- Supreme Court of the United States

Argued April 16, 1980 Decided June 19, 1980
- Full case name: Reeves, Inc. v. Stake, et al.
- Citations: 447 U.S. 429 (more) 100 S. Ct. 2271; 65 L. Ed. 2d 244; 1980 U.S. LEXIS 40

Case history
- Prior: Certiorari to the United States Court of Appeals for the Eighth Circuit

Holding
- South Dakota's preferential treatment of South Dakota residents in its sale of state-produced cement is not a violation of the negative commerce clause.

Court membership
- Chief Justice Warren E. Burger Associate Justices William J. Brennan Jr. · Potter Stewart Byron White · Thurgood Marshall Harry Blackmun · Lewis F. Powell Jr. William Rehnquist · John P. Stevens

Case opinions
- Majority: Blackmun, joined by Burger, Stewart, Marshall, Rehnquist
- Dissent: Powell, joined by Brennan, White, Stevens

= Reeves, Inc. v. Stake =

Reeves, Inc. v. Stake, 447 U.S. 429 (1980), was a United States Supreme Court case in which the Court held that individual states, when acting as producers or suppliers rather than as market regulators, may discriminate preferentially against out-of-state residents.

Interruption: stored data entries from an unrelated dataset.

(* Let $\mathcal H$ be a well-structured preconditioner set, $\epsilon>0$, $\beta\in(0,1]$, $\eta>0$, $T\in\mathbb N$, and $f:\mathbb R^d\to\mathbb R$ twice continuously differentiable with $\Lambda_{\mathcal H}(f)<\infty$. Let $f_0,\dots,f_{T-1}$ be random differentiable functions and $\Sigma\in\mathcal S_+^d$ such that for all $t,x$, almost surely $-\Sigma\preceq\nabla f(x)\nabla f(x)^\top-\nabla f_t(x)\nabla f_t(x)^\top\preceq\Sigma$. For any fixed $x_0$, let $g_t,V_t$ be generated by the weighted adaptive algorithm. Then with probability $1$, $$\sum_{t=0}^{T-1}\|g_t\|_2^2\le2\big(\|\Sigma\|_{\mathrm{op}}+\|\nabla f(x_0)\|_2^2+\Lambda_{\mathcal H}(f)^2d\eta^2\big)T^3,$$ $$\|V_{T-1}\|_{\mathrm{op}}\le\sqrt{2\big(\|\Sigma\|_{\mathrm{op}}+\|\nabla f(x_0)\|_2^2+\Lambda_{\mathcal H}(f)^2d\eta^2\big)T^3+\epsilon d}.$$
   Context: $\mathcal S^d_+$ (resp. $\mathcal S^d_{++}$) denotes the set of real symmetric positive semidefinite (resp. positive definite) $d\times d$ matrices; $\langle A,B\rangle=\operatorname{Tr}(A^\top B)$. A set $\mathcal H\subseteq\mathcal S_+^d$ is a well-structured preconditioner set if $\mathcal H=\mathcal S_+^d\cap\mathcal K$ for some set $\mathcal K$ of real $d\times d$ matrices that is closed under scalar multiplication, matrix addition and matrix multiplication and contains the identity $I_d$. For $M\in\mathcal S^d_{++}$, $P_{\mathcal H}(M):=\arg\min_{H\in\mathcal H\cap\mathcal S^d_{++}}\langle M,H^{-1}\rangle+\operatorname{Tr}(H)$ (the minimizer exists and is unique). The adaptive smoothness is $\Lambda_{\mathcal H}(f):=\inf\{\operatorname{Tr}(H): H\in\mathcal H,\ -H\preceq\nabla^2 f(x)\preceq H\ \text{for all }x\}$. Weighted adaptive algorithm: given $x_0\in\mathbb R^d$, set $M_{-1}=0$ and for $t=0,\dots,T-1$: $g_t=\nabla f_t(x_t)$, $M_t=\beta M_{t-1}+g_tg_t^\top$, $V_t=P_{\mathcal H}(M_t+\epsilon I_d)$, $x_{t+1}=x_t-\eta V_t^{-1}g_t$. $\|\cdot\|_{\mathrm{op}}$ is the spectral norm. *)

From HB Require Import structures.
From mathcomp Require Import all_boot all_order all_algebra.
From mathcomp Require Import all_classical all_reals all_analysis.
Set Implicit Arguments. Unset Strict Implicit. Unset Printing Implicit Defensive.
Import Order.TTheory GRing.Theory Num.Theory.
Import numFieldNormedType.Exports.
Local Open Scope classical_set_scope.
Local Open Scope ring_scope.

Section Defs.
Variables (R : realType) (d : nat).

Definition ei (i : 'I_d) : 'cV[R]_d := delta_mx i 0.

Definition norm2sq (v : 'cV[R]_d) : R := \sum_i (v i 0) ^+ 2.

Definition grad (f : 'cV[R]_d -> R) (x : 'cV[R]_d) : 'cV[R]_d :=
  \col_i derive f x (ei i).

Definition hess (f : 'cV[R]_d -> R) (x : 'cV[R]_d) : 'M[R]_d :=
  \matrix_(i, j) derive (fun y => derive f y (ei i)) x (ei j).

Definition C2 (f : 'cV[R]_d -> R) : Prop :=
  (forall x, differentiable f x) /\
  (forall i x, differentiable (fun y => derive f y (ei i)) x) /\
  (forall x, {for x, continuous (hess f)}).

Definition psd (A : 'M[R]_d) : Prop :=
  A^T = A /\ forall v : 'cV[R]_d, 0 <= (v^T *m A *m v) 0 0.

Definition pd (A : 'M[R]_d) : Prop :=
  A^T = A /\ forall v : 'cV[R]_d, v != 0 -> 0 < (v^T *m A *m v) 0 0.

Definition loewner (A B : 'M[R]_d) : Prop := psd (B - A).

Definition opnorm (A : 'M[R]_d) : R :=
  sup [set Num.sqrt (norm2sq (A *m v)) | v in [set v | norm2sq v = 1]].

Definition well_structured_K (K : set 'M[R]_d) : Prop :=
  (forall (a : R) A, K A -> K (a *: A)) /\
  (forall A B, K A -> K B -> K (A + B)) /\
  (forall A B, K A -> K B -> K (A *m B)) /\
  K 1%:M.

Definition Hset (K : set 'M[R]_d) : set 'M[R]_d := [set H | psd H /\ K H].

Definition precond_obj (M H : 'M[R]_d) : R := \tr (M^T *m invmx H) + \tr H.

Definition is_PH (K : set 'M[R]_d) (M V : 'M[R]_d) : Prop :=
  Hset K V /\ pd V /\
  forall H, Hset K H -> pd H -> precond_obj M V <= precond_obj M H.

Definition LamSet (K : set 'M[R]_d) (f : 'cV[R]_d -> R) : set R :=
  [set \tr H | H in [set H | Hset K H /\
      forall x, loewner (- H) (hess f x) /\ loewner (hess f x) H]].

(* Λ_H(f) (meaningful when LamSet is nonempty, i.e. Λ_H(f) < ∞) *)
Definition Lambda (K : set 'M[R]_d) (f : 'cV[R]_d -> R) : R := inf (LamSet K f).

Definition weighted_adaptive (K : set 'M[R]_d) (eps beta eta : R) (T : nat)
  (ft : nat -> 'cV[R]_d -> R) (x0 : 'cV[R]_d)
  (x g : nat -> 'cV[R]_d) (M V : nat -> 'M[R]_d) : Prop :=
  x 0%N = x0 /\
  forall t : nat, (t < T)%N ->
    [/\ g t = grad (ft t) (x t),
        M t = (if t is t'.+1 then beta *: M t' else 0) + g t *m (g t)^T,
        is_PH K (M t + eps%:M) (V t) &
        x t.+1 = x t - eta *: (invmx (V t) *m g t)].

End Defs.

(* The preconditioner set is closed under the ring operations, so [V = P_H(A)] may
   be compared with the feasible perturbations [V + s I] and [V - s V^2 + s^2 V^3];
   letting [s -> 0+] gives the first-order conditions [tr (A V^-2) <= d] and
   [tr V^2 <= tr A] for [A = M_t + eps I].  The first bounds every step,
   [|V_t^-1 g_t|^2 <= d], hence [|x_t - x_0|^2 <= t^2 eta^2 d]; since
   [-H <= Hess f <= H] makes [grad f] Lipschitz with constant [tr H], this gives
   [|grad f(x_t)|^2 <= 2 |grad f(x_0)|^2 + 2 Lambda^2 t^2 eta^2 d], and the noise
   assumption tested on [g_t] gives [|g_t|^2 <= |Sigma| + |grad f(x_t)|^2].  Summing
   over [t < T] yields the first bound; the second follows from
   [|V|_op^2 <= tr V^2 <= tr M_(T-1) + eps d], where [tr M_(T-1) <= sum |g_t|^2]
   because [beta <= 1]. *)

From HB Require Import structures.
From mathcomp Require Import all_boot all_order all_algebra.
From mathcomp Require Import all_classical all_reals all_analysis.
From mathcomp Require Import ring lra.
Import Order.TTheory GRing.Theory Num.Theory.
Import numFieldNormedType.Exports.
Local Open Scope classical_set_scope.
Local Open Scope ring_scope.
Set Implicit Arguments. Unset Strict Implicit. Unset Printing Implicit Defensive.

Section QuadraticForms.
Variables (R : realType) (d : nat).
Implicit Types (u v w : 'cV[R]_d) (A B C H Z : 'M[R]_d).

Definition qform u A v : R := (u^T *m A *m v) 0 0.

Definition dot u v : R := (u^T *m v) 0 0.

Lemma qform_tr u A v : qform u A^T v = qform v A u.
Proof. by rewrite /qform -[v^T *m A *m u]trmxK [RHS]mxE !trmx_mul !trmxK mulmxA. Qed.

Lemma qformMl u A B v : qform u (A *m B) v = qform (A^T *m u) B v.
Proof. by rewrite /qform trmx_mul trmxK !mulmxA. Qed.

Lemma qformMr u A B v : qform u (A *m B) v = qform u A (B *m v).
Proof. by rewrite /qform !mulmxA. Qed.

Lemma qform_congr u A B C v : qform u (A *m B *m C) v = qform (A^T *m u) B (C *m v).
Proof. by rewrite qformMr qformMl. Qed.

Lemma qformDm u A B v : qform u (A + B) v = qform u A v + qform u B v.
Proof. by rewrite /qform mulmxDr mulmxDl mxE. Qed.

Lemma qformNm u A v : qform u (- A) v = - qform u A v.
Proof. by rewrite /qform mulmxN mulNmx mxE. Qed.

Lemma qformZm u a A v : qform u (a *: A) v = a * qform u A v.
Proof. by rewrite /qform -scalemxAr -scalemxAl mxE. Qed.

Lemma qformDl u1 u2 A v : qform (u1 + u2) A v = qform u1 A v + qform u2 A v.
Proof. by rewrite /qform linearD /= !mulmxDl mxE. Qed.

Lemma qformDr u A v1 v2 : qform u A (v1 + v2) = qform u A v1 + qform u A v2.
Proof. by rewrite /qform mulmxDr mxE. Qed.

Lemma qformZl a u A v : qform (a *: u) A v = a * qform u A v.
Proof. by rewrite /qform linearZ /= -!scalemxAl mxE. Qed.

Lemma qformZr a u A v : qform u A (a *: v) = a * qform u A v.
Proof. by rewrite /qform -scalemxAr mxE. Qed.

Lemma qformNl u A v : qform (- u) A v = - qform u A v.
Proof. by rewrite -scaleN1r qformZl mulN1r. Qed.

Lemma qformNr u A v : qform u A (- v) = - qform u A v.
Proof. by rewrite -scaleN1r qformZr mulN1r. Qed.

Definition qform_linE :=
  (qformDl, qformDr, qformNl, qformNr, qformZl, qformZr, qformDm, qformNm, qformZm).

Lemma qform_delta i A j : qform (ei R i) A (ei R j) = A i j.
Proof. by rewrite /qform /ei trmx_delta -rowE -colE !mxE. Qed.

Lemma qform_sum u A v : qform u A v = \sum_i \sum_j u i 0 * A i j * v j 0.
Proof.
rewrite /qform mxE; under eq_bigr do rewrite mxE big_distrl /=.
rewrite exchange_big /=; apply: eq_bigr => i _; apply: eq_bigr => j _.
by rewrite !mxE.
Qed.

Lemma norm2sqE v : norm2sq v = qform v 1%:M v.
Proof.
rewrite qform_sum /norm2sq; apply: eq_bigr => i _.
rewrite (bigD1 i) //= big1 ?addr0; first by rewrite mxE eqxx mulr1 expr2.
by move=> j /negPf ji; rewrite mxE eq_sym ji mulr0 mul0r.
Qed.

Lemma norm2sq_ge0 v : 0 <= norm2sq v.
Proof. by apply: sumr_ge0 => i _; rewrite sqr_ge0. Qed.

Lemma norm2sq0 : norm2sq (0 : 'cV[R]_d) = 0.
Proof. by rewrite /norm2sq big1 // => i _; rewrite mxE expr0n. Qed.

Lemma norm2sq_eq0 v : (norm2sq v == 0) = (v == 0).
Proof.
apply/idP/eqP => [/eqP v0|->]; last by rewrite norm2sq0.
apply/matrixP => i j; rewrite mxE (ord1 j); apply/eqP; rewrite -sqrf_eq0 eq_le sqr_ge0 andbT.
rewrite -v0 /norm2sq (bigD1 i) //= lerDl; apply: sumr_ge0 => k _; exact: sqr_ge0.
Qed.

Lemma norm2sqZ a v : norm2sq (a *: v) = a ^+ 2 * norm2sq v.
Proof. by rewrite !norm2sqE qformZl qformZr mulrA -expr2. Qed.

Lemma norm2sqN v : norm2sq (- v) = norm2sq v.
Proof. by rewrite -scaleN1r norm2sqZ sqrrN expr1n mul1r. Qed.

Lemma qform_trmx_mul u A : qform u (A^T *m A) u = norm2sq (A *m u).
Proof. by rewrite norm2sqE qformMr qform_tr -[X in qform _ X u]mul1mx qformMr. Qed.

Lemma mxtrace_qform Z : \tr Z = \sum_i qform (ei R i) Z (ei R i).
Proof. by apply: eq_bigr => i _; rewrite qform_delta. Qed.

Lemma mxtrace_outer_mul v Z : \tr (v *m v^T *m Z) = qform v Z v.
Proof. by rewrite -mulmxA mxtrace_mulC /mxtrace big_ord1. Qed.

Lemma dotC u v : dot u v = dot v u.
Proof. by rewrite /dot -[u^T *m v]trmxK [LHS]mxE trmx_mul trmxK. Qed.

Lemma qform_outer u a b v : qform u (a *m b^T) v = dot u a * dot b v.
Proof. by rewrite /qform /dot mulmxA -(mulmxA _ b^T) mxE big_ord1. Qed.

Lemma norm2sq_dot v : norm2sq v = dot v v.
Proof. by rewrite norm2sqE /qform mulmx1. Qed.

Lemma mxtrace_outer v : \tr (v *m v^T) = norm2sq v.
Proof. by rewrite mxtrace_mulC /mxtrace big_ord1 norm2sq_dot. Qed.

Lemma psd_qform_ge0 A v : psd A -> 0 <= qform v A v.
Proof. by case=> _ /(_ v). Qed.

Lemma psd_sym A i j : psd A -> A i j = A j i.
Proof. by case=> hs _; rewrite -[in LHS]hs mxE. Qed.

This "market participant" doctrine is an exception to the so-called negative commerce clause, which ordinarily deems state regulations invalid where they discriminate against interstate commerce in favor of intrastate commerce for the purpose of economic protectionism.

== Background ==
In 1919, the state of South Dakota built a cement plant to deal with cement shortages that had been plaguing the state. After several years of production, however, South Dakota was producing more cement than its citizens were using, and began selling excess cement on the national market. Reeves, a ready mix concrete distribution company in Wyoming, relied on the South Dakota state-owned factory for up to 95% of its cement supplies. When South Dakota was hit by a cement shortage in 1978, the State Cement Commission directed the cement plant to first supply all South Dakota customers with cement before taking on customers from out of state. As a result, Reeves lost a substantial portion of cement supply, and filed suit against the South Dakota State Cement Commission in federal district court.

== Opinion of the Court ==
At issue was whether South Dakota's preferential treatment of South Dakota residents in its sale of state-produced cement constituted a violation of the negative commerce clause. The Court ruled that South Dakota's preferential treatment of South Dakota residents in its sale of state-produced cement was not a violation of the negative commerce clause because South Dakota was acting as a market participant.

The Supreme Court first promulgated the market participant exception to the negative commerce clause in Hughes v. Alexandria Scrap Corp., in which Maryland offered a "bounty" for destroying abandoned Maryland automobiles but effectively limited receipt of the bounty to in-state residents. There, the Supreme Court upheld the Maryland law against Commerce Clause objections because the state of Maryland was acting as a participant in the market rather than as a market regulator. “Nothing in the purposes animating the Commerce Clause prohibits a State, in the absence of congressional action, from participating in the market and exercising the right to favor its own citizens over others.” Thus, while state laws that prefer intrastate commerce to interstate commerce for economic protectionism are ordinarily invalid per se, states when acting as market participants may engage in such discrimination.

Here, South Dakota was acting as a market participant where Congress had not taken any regulatory action; thus, South Dakota could favor its citizens in the sale of state-produced cement over the citizens of other states.